My starting point is simple. The definition of ‘state’ or ‘modern state’ should derive from understanding the state as we know it today so that we can then reach back in time for the elements that produced its formation. My definition of ‘state’ is one that cannot be applied to any of the medieval territories that will now receive our attention.
The state was in an abstract sense correctly conceived (a better term might be ‘imagined’) by medieval scholars and political philosophers as the territorial unit for governance that was responsible for the pursuit and representation of ‘common good’ or ‘common utility’ summarised in a Latin term ‘status’. The relevance of medieval ‘status’ lies, for present purposes, in my conceptual distinction between ‘status’ and ‘rank’ and in the ways highly ranked individuals sought to justify their personal and discretionary authority with recourse to the writings of scholars and philosophers—lay and clerical—who devised doctrines for an underlying public utility of state. It is paradoxically true that medieval writings on status and related conceptions of public law as opposed to private law did eventually inform the thinking of post-medieval seventeenth and eighteenth century practitioners and ideologues during their more definitionally valid and genuinely articulated state formations. But in medieval times and in the most practical terms we must make do in the introductions with facts on the ground, i.e. with realities of governance rather than with doctrines and ideals.

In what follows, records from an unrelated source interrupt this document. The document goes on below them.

Lemma lin_recS N : lin_rec init K w theta N.+1 =
  rcons (lin_rec init K w theta N)
   (let s := lin_rec init K w theta N in let t := size s in
    if t < K then init t
    else ind ((\sum_(1 <= j < K.+1) w j * Posz (nth 0 s (t - j))) - theta)%R).
Proof. by rewrite /lin_rec iterS. Qed.

Lemma size_lin_rec N : size (lin_rec init K w theta N) = N.
Proof. by elim: N => [//|N IH]; rewrite lin_recS size_rcons IH. Qed.

Lemma nth_lin_rec N t : t < N ->
  nth 0 (lin_rec init K w theta N) t = lin_val t.
Proof.
elim: N => [//|N IH] Ht; case: (ltngtP t N) => [lt|gt|-> //].
- by rewrite lin_recS nth_rcons size_lin_rec lt IH.
- by move: Ht; rewrite ltnS leqNgt gt.
Qed.

Lemma lin_val_init t : t < K -> lin_val t = init t.
Proof.
by move=> Ht; rewrite /lin_val lin_recS nth_rcons size_lin_rec ltnn eqxx /= size_lin_rec Ht.
Qed.

Lemma lin_val_rec t : K <= t -> lin_val t =
  ind ((\sum_(1 <= j < K.+1) w j * Posz (lin_val (t - j))) - theta)%R.
Proof.
move=> Ht; rewrite /lin_val lin_recS nth_rcons size_lin_rec ltnn eqxx /= size_lin_rec.
rewrite ltnNge Ht /=; congr (ind (_ - _)%R).
by apply: eq_big_nat => j /andP[j1 jK]; rewrite nth_lin_rec //; lia.
Qed.
End LinearThreshold.

Lemma big_pick_nat (R : Type) (idx : R) (op : Monoid.com_law idx) a b c (F : nat -> R) :
  a <= c < b -> \big[op/idx]_(a <= j < b) (if j == c then F j else idx) = F c.
Proof.
move=> /andP[ac cb]; rewrite (big_cat_nat _ (n := c)) //= ?(ltnW cb) // (big_ltn cb) eqxx.
have below : \big[op/idx]_(a <= j < c) (if j == c then F j else idx) = idx.
  by apply: big1_seq => j /andP[_]; rewrite mem_iota => /andP[_ jc]; rewrite ltn_eqF //; lia.
have above : \big[op/idx]_(c.+1 <= j < b) (if j == c then F j else idx) = idx.
  by apply: big1_seq => j /andP[_]; rewrite mem_iota => /andP[cj _]; rewrite gtn_eqF.
by rewrite below above !Monoid.simpm.
Qed.

Lemma big_split_one (R : Type) (idx : R) (op : Monoid.com_law idx) a b c (F : nat -> R) :
  a <= c < b ->
  \big[op/idx]_(a <= j < b) F j =
  op (F c) (\big[op/idx]_(a <= j < b) (if j == c then idx else F j)).
Proof.
move=> Hc; rewrite -[F c](big_pick_nat op F Hc) -big_split /=.
by apply: eq_bigr => j _; case: (j == c); rewrite Monoid.simpm.
Qed.
Lemma EZ_node b c ch k : EZ A (Node (c :: ch)) b k = fmoment k b (c :: ch).
Proof.
transitivity (Ex (forest_law b (c :: ch)) (fun cs => (ZA A (CNode b cs))%:R ^+ k)).
  by rewrite /EZ /Ex /= big_map.
by case: c => M t'; rewrite /fmoment !Ex_forest_cons.
Qed.

Lemma EZ_leaf b k : EZ A (@Node S R [::]) b k = ((b \in A) : nat)%:R ^+ k.
Proof. by rewrite /EZ /= big_seq1 mul1r. Qed.

Lemma fmoment_nil k b : fmoment k b [::] = 0 ^+ k.
Proof. by rewrite /fmoment /Ex /= big_seq1 mul1r. Qed.

Lemma fmoment0_cons b M t' ch :
  fmoment 0 b ((M, t') :: ch) = \sum_s M b s * (EZ A t' s 0 * fmoment 0 b ch).
Proof.
rewrite /fmoment Ex_forest_cons; apply: eq_bigr => s _; congr (_ * _).
rewrite /EZ /Ex !mulr_suml; apply: eq_bigr => w _ /=.
rewrite !mulr_sumr; apply: eq_bigr => q _ /=; rewrite !expr0; ring.
Qed.

Lemma fmoment1_cons b M t' ch :
  fmoment 1 b ((M, t') :: ch) =
  \sum_s M b s * (EZ A t' s 1 * fmoment 0 b ch + fmoment 1 b ch * EZ A t' s 0).
Proof.
rewrite /fmoment Ex_forest_cons; apply: eq_bigr => s _; congr (_ * _).
rewrite /EZ /Ex mulr_suml mulr_sumr -big_split; apply: eq_bigr => w _ /=.
rewrite !mulr_sumr !mulr_suml -big_split; apply: eq_bigr => q _ /=.
rewrite natrD ?expr0 ?expr1; ring.
Qed.

Lemma fmoment2_cons b M t' ch :
  fmoment 2 b ((M, t') :: ch) =
  \sum_s M b s * (EZ A t' s 2 * fmoment 0 b ch + 2 * fmoment 1 b ch * EZ A t' s 1
                  + fmoment 2 b ch * EZ A t' s 0).
Proof.
rewrite /fmoment Ex_forest_cons; apply: eq_bigr => s _; congr (_ * _).
rewrite /EZ /Ex mulr_suml !mulr_sumr -!big_split; apply: eq_bigr => w _ /=.
rewrite !mulr_sumr !mulr_suml -!big_split; apply: eq_bigr => q _ /=.
rewrite natrD ?expr0 ?expr1; ring.
Qed.

Section ConsWithUnitMass.
Variables (M : S -> S -> R) (t' : tree S R) (ch : forest).
Hypothesis M_rowsum : forall a, \sum_b M a b = 1.
Hypothesis child_mass : forall s, EZ A t' s 0 = 1.
Hypothesis tail_mass : forall b, fmoment 0 b ch = 1.

Lemma fmass_cons b : fmoment 0 b ((M, t') :: ch) = 1.
Proof.
by rewrite fmoment0_cons; under eq_bigr => s _ do rewrite child_mass tail_mass !mulr1.
Qed.

Lemma fmean_cons b :
  fmoment 1 b ((M, t') :: ch) = pmean (M b) (fun s => EZ A t' s 1) + fmoment 1 b ch.
Proof.
rewrite fmoment1_cons -[X in _ = _ + X]mulr1 -(M_rowsum b) mulr_sumr -big_split.
by apply: eq_bigr => s _; rewrite child_mass tail_mass /=; ring.
Qed.

(* Law of total variance combined with independence of the two parts. *)
Lemma fvar_cons b :
  fvar b ((M, t') :: ch) =
  pmean (M b) (fun s => VarZ A t' s) + pvar (M b) (fun s => EZ A t' s 1) + fvar b ch.
Proof.
rewrite /fvar /pvar fmean_cons fmoment2_cons tail_mass.
have weighted_const (r : R) : \sum_s M b s * r = r by rewrite -mulr_suml M_rowsum mul1r.
have second : \sum_s M b s * (EZ A t' s 2 * 1 + 2 * fmoment 1 b ch * EZ A t' s 1
                 + fmoment 2 b ch * EZ A t' s 0)
   = \sum_s M b s * EZ A t' s 2
     + 2 * fmoment 1 b ch * pmean (M b) (fun s => EZ A t' s 1) + fmoment 2 b ch.
  rewrite -[X in _ = _ + X]weighted_const /pmean [2 * _ * _]mulr_sumr -!big_split.
  by apply: eq_bigr => s _; rewrite child_mass /=; ring.
have total : pmean (M b) (fun s => VarZ A t' s) =
    \sum_s M b s * EZ A t' s 2 - \sum_s M b s * EZ A t' s 1 ^+ 2.
  by rewrite /pmean /VarZ -sumrB; apply: eq_bigr => s _; rewrite mulrBr.
rewrite second total; ring.
Qed.

End ConsWithUnitMass.

End TreeMoments.

Section VarianceBound.
Variables (R : realFieldType) (S : finType) (A : {set S}) (lam : R).
Hypothesis lam_ge0 : 0 <= lam.

Local Notation forest := (seq ((S -> S -> R) * tree S R)).

Definition forest_leafw : forest -> R :=
  fix go (ch : forest) : R :=
    match ch with
    | [::] => 0
    | (_, t') :: ch' => lam * leafw lam t' + go ch'
    end.

Definition forest_sumDelta2 : forest -> R :=
  fix go (ch : forest) : R :=
    match ch with
    | [::] => 0
    | (_, t') :: ch' => Delta lam t' ^+ 2 + sumDelta2 lam t' + go ch'
    end.

Definition tree_ind_children (P : tree S R -> Prop)
  (IH : forall ch, (forall M t', List.In (M, t') ch -> P t') -> P (Node ch)) :
  forall t, P t :=
  fix F (t : tree S R) : P t :=
  match t with
  | Node ch => IH ch ((fix G (l : forest) : forall M t', List.In (M, t') l -> P t' :=
      match l with
      | [::] => fun M t' (f : List.In (M, t') [::]) => False_ind _ f
      | (M0, t0) :: l' => fun M t' (h : List.In (M, t') ((M0, t0) :: l')) =>
          match h with
          | or_introl e => eq_ind t0 P (F t0) t' (f_equal snd e)
          | or_intror h' => G l' M t' h'
          end
      end) ch)
  end.

Lemma leafw_ge0 (t : tree S R) : 0 <= leafw lam t.
Proof.
elim/tree_ind_children: t => -[|c ch] IH //.
have -> : leafw lam (Node (c :: ch)) = forest_leafw (c :: ch) by [].
elim: (c :: ch) IH => [|[M t'] l IHl] IH //=.
apply: addr_ge0; first by apply: mulr_ge0 => //; apply: (IH M); left.
by apply: IHl => M0 t0 h; apply: (IH M0); right.
Qed.

Lemma good_edges_cons (M : S -> S -> R) (t' : tree S R) (ch : forest) :
  good_edges lam (Node ((M, t') :: ch)) ->
  [/\ row_stochastic M /\ norm_le M lam, good_edges lam t' & good_edges lam (Node ch)].
Proof.
move=> g; split.
- by apply: g; left.
- by move=> M0 h; apply: g; right; apply: List.in_or_app; left.
- by move=> M0 h; apply: g; right; apply: List.in_or_app; right.
Qed.

Definition tree_invariant (t : tree S R) : Prop :=
  [/\ forall s, EZ A t s 0 = 1,
      lipschitz0 (2^-1 * leafw lam t) (fun s => EZ A t s 1)
    & forall s, VarZ A t s <= 2^-1 * sumDelta2 lam t].

Definition forest_invariant (ch : forest) : Prop :=
  [/\ forall b, fmoment A 0 b ch = 1,
      lipschitz0 (2^-1 * forest_leafw ch) (fun b => fmoment A 1 b ch)
    & forall b, fvar A b ch <= 2^-1 * forest_sumDelta2 ch].

Lemma forest_invariant_nil : forest_invariant [::].
Proof.
split.
- by move=> b; rewrite fmoment_nil.
- move=> x _; rewrite big1 => [|s _]; last by rewrite fmoment_nil mulr0.
  by rewrite normr0 /= mulr0 mul0r.
- by move=> b; rewrite /fvar !fmoment_nil expr0n /= subrr mulr0.
Qed.

(* Adding a child to a forest preserves the invariant: the child's mean is
   contracted by the edge matrix, and its variance contribution is the averaged
   subtree variance plus the variance of its conditional mean, which is at most
   leafw^2 <= Delta^2 / 2. *)
Lemma forest_invariant_cons (M : S -> S -> R) (t' : tree S R) (ch : forest) :
  row_stochastic M -> norm_le M lam ->
  tree_invariant t' -> forest_invariant ch -> forest_invariant ((M, t') :: ch).
Proof.
move=> stochM normM [C0 C1 C2] [F0 F1 F2].
have [M_ge0 M_rowsum] := stochM.
have half_w0 : 0 <= 2^-1 * leafw lam t' by apply: mulr_ge0 (leafw_ge0 t'); lra.
have fmeanE := fmean_cons M_rowsum C0 F0.
split.
- exact: fmass_cons.
- have child := lipschitz0_stochastic stochM normM half_w0 C1.
  have sum := lipschitz0_add child F1.
  move=> x hx; under eq_bigr => s _ do rewrite fmeanE.
  by apply: le_trans (sum x hx) _; rewrite /= [2^-1 * (_ + _)]mulrDr mulrCA.
- move=> b; rewrite (fvar_cons M_rowsum C0 F0) /=.
  have avg_var : pmean (M b) (fun s => VarZ A t' s) <= 2^-1 * sumDelta2 lam t'.
    exact: pmean_le_const.
  have mean_var : pvar (M b) (fun s => EZ A t' s 1) <= (2 * (2^-1 * leafw lam t')) ^+ 2.
    exact/pvar_le_sqr/lipschitz0_deviation.
  have w0 := leafw_ge0 t'; have := F2 b.
  move: avg_var mean_var; rewrite /Delta !expr2; nra.
Qed.

Lemma forest_invariant_all (ch : forest) :
  (forall M t', List.In (M, t') ch -> tree_invariant t') ->
  good_edges lam (Node ch) -> forest_invariant ch.
Proof.
elim: ch => [|[M t'] ch IHch] IH good; first exact: forest_invariant_nil.
have [[stochM normM] _ good_ch] := good_edges_cons good.
apply: forest_invariant_cons => //; first by apply: (IH M); left.
by apply: IHch => // M0 t0 h; apply: (IH M0); right.
Qed.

Every state requires coexistence and functional interaction of three organisational spheres: administration, law, and representation. There were certain developments in medieval European governance that clearly were requisite for state formation. There was a large amount of formal law making, some original—based on local custom—but mostly as a direct outgrowth of previously codified Roman law. Law became more necessary than ever for maintaining and expanding the arrayed forms of rulership that characterised European polities. Similarly there were visible and recorded advances in administration which depended on writing and innovative methods of organising hierocratic and secular rulership. Advances in ‘representation’ were by comparison far more modest. In no shape or form can medieval societies be conceived as having progressed to the kinds of representation pioneered in the early modern polities. Yet in organisational terms representation certainly broke new ground in the middle ages. Therefore, in each administrative or legal or representational sphere there are to be found medieval formations of state-like features which demand attention.
Looking ahead in time within the context of my general typology of societies I have made an assumption that the integration of the lineaments of ‘state’ only became apparent in early modernity as a result of constitutional revolutions that deprived monarchial executives of their personal legislative mandates—and other powers, such the lordly monopoly of organised violence—by empowering more or less genuinely ‘free’ representative parliaments and by setting in train processes that then led to the further ‘separations’ by means of which multiple and overlapping judiciaries became single independent institutions on their own account. These epochal evolutions that were initiated in England are to be examined under a heading of ‘modern society’.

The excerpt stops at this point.